The data:
= = =
Lemma wronskian_deriv_pos_at_zero (U U1 U2 E E1 E2 B A D : R) :
  0 < E < U -> 0 <= B -> U1 * E - E1 * U = 0 ->
  0 = / 2 * B * U2 + A * U1 + E * U - U ^ 2 - D * U1 ^ 2 / U ->
  1 + (/ 2 * B * E2 + A * E1) / E ^ 2 - D * E1 ^ 2 / E ^ 3 <= 1 ->
  0 < U2 * E - E2 * U.
Proof.
  intros [HE HEU] HB Hcrit Hode Hpsi.
  set (P := / 2 * B * E2 + A * E1 - D * E1 ^ 2 / E).
  assert (HP : P <= 0).
  { replace P with (E ^ 2 * ((/ 2 * B * E2 + A * E1) / E ^ 2 - D * E1 ^ 2 / E ^ 3))
      by (unfold P; field; lra).
    assert (0 < E ^ 2) by (apply pow_lt; lra). nra. }
  (* With U1 = E1 U / E the equation for U splits along the Wronskian U2 E - E2 U. *)
  assert (Hsplit : / 2 * B * U2 + A * U1 + E * U - U ^ 2 - D * U1 ^ 2 / U
     = / 2 * B * ((U2 * E - E2 * U) / E) + U / E * P + U * (E - U)).
  { replace U1 with (E1 * U / E) by (field_simplify_eq; lra).
    unfold P. field. lra. }
  rewrite Hsplit in Hode.
  assert (U / E * P <= 0) by (assert (0 < U / E) by (apply Rdiv_lt_0_compat; lra); nra).
  assert (HW : 0 < B * ((U2 * E - E2 * U) / E)) by nra.
  apply Rnot_le_lt. intros HWle.
  assert ((U2 * E - E2 * U) / E <= 0).
  { unfold Rdiv. assert (0 < / E) by (apply Rinv_0_lt_compat; lra). nra. }
  nra.
Qed.

Lemma quotient_deriv_at_crit (u u1 u2 e e1 e2 : R -> R) (c : R) :
  derivable_pt_lim u c (u1 c) -> derivable_pt_lim u1 c (u2 c) ->
  derivable_pt_lim e c (e1 c) -> derivable_pt_lim e1 c (e2 c) -> e c <> 0 ->
  u1 c * e c - e1 c * u c = 0 ->
  derivable_pt_lim (fun y => (u1 y * e y - e1 y * u y) / (e y)²) c
    ((u2 c * e c - e2 c * u c) / (e c)²).
Proof.
  intros Du Du1 De De1 Hec Hcrit.
  assert (Hd := derivable_pt_lim_div (fun y => u1 y * e y - e1 y * u y)
                  (fun y => (e y)²) c _ _
                  (derivable_pt_lim_minus _ _ c _ _
                     (derivable_pt_lim_mult u1 e c _ _ Du1 De)
                     (derivable_pt_lim_mult e1 u c _ _ De1 Du))
                  (derivable_pt_lim_mult e e c _ _ De De)
                  ltac:(unfold Rsqr; nra)).
  replace ((u2 c * e c - e2 c * u c) / (e c)²) with
    (((u2 c * e c + u1 c * e1 c - (e2 c * u c + e1 c * u1 c)) * (e c)²
      - (e1 c * e c + e c * e1 c) * (u1 c * e c - e1 c * u c)) / ((e c)²)²).
  - exact Hd.
  - rewrite Hcrit. unfold Rsqr. field. exact Hec.
Qed.

Lemma eventually_above_or_below (u u1 u2 e e1 e2 B A D : R -> R) (a : R) :
  (forall y, a <= y -> derivable_pt_lim u y (u1 y)) ->
  (forall y, a <= y -> derivable_pt_lim u1 y (u2 y)) ->
  (forall y, a <= y -> derivable_pt_lim e y (e1 y)) ->
  (forall y, a <= y -> derivable_pt_lim e1 y (e2 y)) ->
  (forall y, a <= y -> 0 < e y) ->
  (forall y, a <= y -> 0 <= B y) ->
  (forall y, a <= y ->
     0 = / 2 * B y * u2 y + A y * u1 y + e y * u y - u y ^ 2 - D y * u1 y ^ 2 / u y) ->
  (forall y, a <= y ->
     1 + (/ 2 * B y * e2 y + A y * e1 y) / e y ^ 2 - D y * e1 y ^ 2 / e y ^ 3 <= 1) ->
  (exists Y, forall y, Y <= y -> u y > e y) \/ (exists Y, forall y, Y <= y -> u y <= e y).
Proof.
  intros Du Du1 De De1 He HB Hode Hpsi.
  set (v := fun y => u y / e y).
  set (v' := fun y => (u1 y * e y - e1 y * u y) / (e y)²).
  assert (Dv : forall y, a <= y -> derivable_pt_lim v y (v' y)).
  { intros y Hy. apply derivable_pt_lim_div; auto. apply Rgt_not_eq, He, Hy. }
  assert (Hgt : forall y, a <= y -> 1 < v y <-> e y < u y).
  { intros y Hy. unfold v. rewrite <- Rlt_div_r by now apply He. lra. }
  assert (Hconvex : forall c, a < c -> v' c = 0 -> 1 < v c ->
                      exists k, derivable_pt_lim v' c k /\ 0 < k).
  { intros c Hc Hcrit Hvc.
    assert (Hec := He c ltac:(lra)).
    assert (Hsq : 0 < (e c)²) by (unfold Rsqr; nra).
    assert (HW : u1 c * e c - e1 c * u c = 0).
    { unfold v' in Hcrit. apply Rmult_eq_reg_r with (/ (e c)²).
      - rewrite Rmult_0_l. exact Hcrit.
      - apply Rgt_not_eq, Rinv_0_lt_compat, Hsq. }
    exists ((u2 c * e c - e2 c * u c) / (e c)²). split.
    - apply quotient_deriv_at_crit; [apply Du|apply Du1|apply De|apply De1|lra|exact HW]; lra.
    - apply Rdiv_lt_0_compat; [|exact Hsq].
      apply (wronskian_deriv_pos_at_zero _ (u1 c) _ _ (e1 c) _ (B c) (A c) (D c));
        auto with real.
      apply Hgt in Hvc; lra. }
  destruct (eventually_one_side_of_level v a 1) as [[Y HY]|[Y HY]].
  - intros y Hy. apply derivable_continuous_pt. exists (v' y). now apply Dv.
  - exact (crit_pos_second_deriv_no_interior_max v v' a 1 Dv Hconvex).
  - left. exists (Rmax Y a). intros y Hy.
    apply Hgt; [|apply HY]; generalize (Rmax_l Y a) (Rmax_r Y a); lra.
  - right. exists (Rmax Y a). intros y Hy.
    assert (Hya : a <= y) by (generalize (Rmax_r Y a); lra).
    apply Rnot_lt_le. intros Hlt. apply Hgt in Hlt; [|exact Hya].
    assert (v y <= 1) by (apply HY; generalize (Rmax_l Y a); lra). lra.
Qed.

Lemma ode_second_deriv_gt (U U1 U2 E B A D C : R) :
  0 < E < U -> 0 < B -> 0 <= D -> A <= - C * B -> 0 < U1 ->
  0 = / 2 * B * U2 + A * U1 + E * U - U ^ 2 - D * U1 ^ 2 / U ->
  2 * C * U1 < U2.
Proof.
  intros [HE HEU] HB HD HA HU1 Hode.
  assert (0 <= D * U1 ^ 2 / U).
  { apply Rdiv_le_0_compat; [|lra]. apply Rmult_le_pos; [lra|apply pow2_ge_0]. }
  assert (0 < U * (U - E)) by nra.
  nra.
Qed.

Lemma exp_lower_bound_of_deriv_growth (u u1 u2 : R -> R) (k a : R) :
  0 < k ->
  (forall y, a <= y -> derivable_pt_lim u y (u1 y)) ->
  (forall y, a <= y -> derivable_pt_lim u1 y (u2 y)) ->
  (forall y, a <= y -> 0 < u1 y -> k * u1 y < u2 y) -> 0 < u1 a ->
  exists K m, 0 < K /\ forall y, a <= y -> m + K * exp (k * y) <= u y.
Proof.
  intros Hk Du Du1 Hgrow Ha.
  set (K := u1 a * exp (- (k * a))).
  assert (HK : 0 < K) by (unfold K; assert (Hx := exp_pos (- (k * a))); nra).
  set (g := fun y => K / k * exp (k * y)).
  exists (K / k), (u a - g a). split; [now apply Rdiv_lt_0_compat|].
  intros y Hy.
  assert (Hdiff : u a - g a <= u y - g y).
  { apply (diff_nondecr_of_deriv_le u g u1 (fun y => K * exp (k * y))); auto.
    - intros x Hx. apply is_derive_Reals. unfold g. auto_derive; [easy|field; lra].
    - exact (deriv_exp_lower_bound u1 u2 k a Du1 Hgrow Ha). }
  unfold g in *. lra.
Qed.

Lemma not_eventually_above (u u1 u2 e B A D : R -> R) (Y C : R) :
  0 < C ->
  (forall y, Y <= y -> derivable_pt_lim u y (u1 y)) ->
  (forall y, Y <= y -> derivable_pt_lim u1 y (u2 y)) ->
  (forall y, Y <= y -> 0 < e y < u y) ->
  (forall y, Y <= y -> 0 < B y) ->
  (forall y, Y <= y -> 0 <= D y) ->
  (forall y, Y <= y -> A y <= - C * B y) ->
  (forall y, Y <= y ->
     0 = / 2 * B y * u2 y + A y * u1 y + e y * u y - u y ^ 2 - D y * u1 y ^ 2 / u y) ->
  is_lim (fun y => u y / e y) p_infty 1 ->
  is_lim e p_infty p_infty ->
  is_lim (fun y => e y * exp (- (2 * C * y))) p_infty 0 ->
  False.
Proof.
  intros HC Du Du1 Hue HB HD HA Hode Hratio Heinf Hsmall.
  assert (Hgrow : forall y, Y <= y -> 0 < u1 y -> 2 * C * u1 y < u2 y).
  { intros y Hy Hu1.
    apply (ode_second_deriv_gt (u y) (u1 y) (u2 y) (e y) (B y) (A y) (D y)); auto. }
  assert (Hstart : exists Y1, Y <= Y1 /\ 0 < u1 Y1).
  { destruct (Heinf (fun z => u Y < z) (ex_intro _ (u Y) (fun z Hz => Hz))) as [M HM].
    set (T := Rmax M Y + 1).
    assert (HYT : Y < T) by (unfold T; generalize (Rmax_r M Y); lra).
    destruct (pos_deriv_of_increase u u1 Y T HYT) as [Y1 [HY1 Hpos]].
    - intros x Hx. apply Du. lra.
    - assert (u Y < e T) by (apply HM; unfold T; generalize (Rmax_l M Y); lra).
      assert (e T < u T) by (apply Hue; lra). lra.
    - exists Y1. split; [lra|exact Hpos]. }
  destruct Hstart as [Y1 [HY1 Hu1Y1]].
  destruct (exp_lower_bound_of_deriv_growth u u1 u2 (2 * C) Y1) as [K [m [HK Hlower]]];
    [lra|intros x Hx; apply Du; lra|intros x Hx; apply Du1; lra
    |intros x Hx; apply Hgrow; lra|exact Hu1Y1|].
  assert (Hev : Rbar_locally p_infty (fun y =>
     (u y / e y < 2 /\ e y * exp (- (2 * C * y)) < K / 4) /\ (Rabs m < e y /\ Y1 < y))).
  { repeat apply filter_and.
    - apply (Hratio (fun z => z < 2)). apply (locally_open (fun z => z < 2));
        [apply open_lt|easy|simpl; lra].
    - apply (Hsmall (fun z => z < K / 4)).
      apply (locally_open (fun z => z < K / 4)); [apply open_lt|easy|simpl; lra].
    - exact (Heinf (fun z => _ < z) (ex_intro _ _ (fun z Hz => Hz))).
    - exists Y1. easy. }
  destruct (Hierarchy.filter_ex _ Hev) as [y [[Hu2e Hexp] [Hey Hy]]].
  assert (HeY := Hue y ltac:(lra)).
  assert (Hlow := Hlower y ltac:(lra)).
  rewrite Rlt_div_l in Hu2e by lra.
  assert (Hbig : 4 * e y < K * exp (2 * C * y)).
  { assert (Hx := exp_pos (2 * C * y)).
    replace (e y) with (e y * exp (- (2 * C * y)) * exp (2 * C * y))
      by (rewrite exp_Ropp; field; apply exp_neq_0).
    nra. }
  assert (- e y < m) by (generalize (Rabs_def2 _ _ Hey); lra).
  lra.
Qed.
= = =
Problem details:
Beginning with the first line of the records above, reproduce each line exactly, ending at the line that contains "(fun y => (e y)²) c _ _", and leave out everything else.

Answer to the problem:
Lemma wronskian_deriv_pos_at_zero (U U1 U2 E E1 E2 B A D : R) :
  0 < E < U -> 0 <= B -> U1 * E - E1 * U = 0 ->
  0 = / 2 * B * U2 + A * U1 + E * U - U ^ 2 - D * U1 ^ 2 / U ->
  1 + (/ 2 * B * E2 + A * E1) / E ^ 2 - D * E1 ^ 2 / E ^ 3 <= 1 ->
  0 < U2 * E - E2 * U.
Proof.
  intros [HE HEU] HB Hcrit Hode Hpsi.
  set (P := / 2 * B * E2 + A * E1 - D * E1 ^ 2 / E).
  assert (HP : P <= 0).
  { replace P with (E ^ 2 * ((/ 2 * B * E2 + A * E1) / E ^ 2 - D * E1 ^ 2 / E ^ 3))
      by (unfold P; field; lra).
    assert (0 < E ^ 2) by (apply pow_lt; lra). nra. }
  (* With U1 = E1 U / E the equation for U splits along the Wronskian U2 E - E2 U. *)
  assert (Hsplit : / 2 * B * U2 + A * U1 + E * U - U ^ 2 - D * U1 ^ 2 / U
     = / 2 * B * ((U2 * E - E2 * U) / E) + U / E * P + U * (E - U)).
  { replace U1 with (E1 * U / E) by (field_simplify_eq; lra).
    unfold P. field. lra. }
  rewrite Hsplit in Hode.
  assert (U / E * P <= 0) by (assert (0 < U / E) by (apply Rdiv_lt_0_compat; lra); nra).
  assert (HW : 0 < B * ((U2 * E - E2 * U) / E)) by nra.
  apply Rnot_le_lt. intros HWle.
  assert ((U2 * E - E2 * U) / E <= 0).
  { unfold Rdiv. assert (0 < / E) by (apply Rinv_0_lt_compat; lra). nra. }
  nra.
Qed.

Lemma quotient_deriv_at_crit (u u1 u2 e e1 e2 : R -> R) (c : R) :
  derivable_pt_lim u c (u1 c) -> derivable_pt_lim u1 c (u2 c) ->
  derivable_pt_lim e c (e1 c) -> derivable_pt_lim e1 c (e2 c) -> e c <> 0 ->
  u1 c * e c - e1 c * u c = 0 ->
  derivable_pt_lim (fun y => (u1 y * e y - e1 y * u y) / (e y)²) c
    ((u2 c * e c - e2 c * u c) / (e c)²).
Proof.
  intros Du Du1 De De1 Hec Hcrit.
  assert (Hd := derivable_pt_lim_div (fun y => u1 y * e y - e1 y * u y)
                  (fun y => (e y)²) c _ _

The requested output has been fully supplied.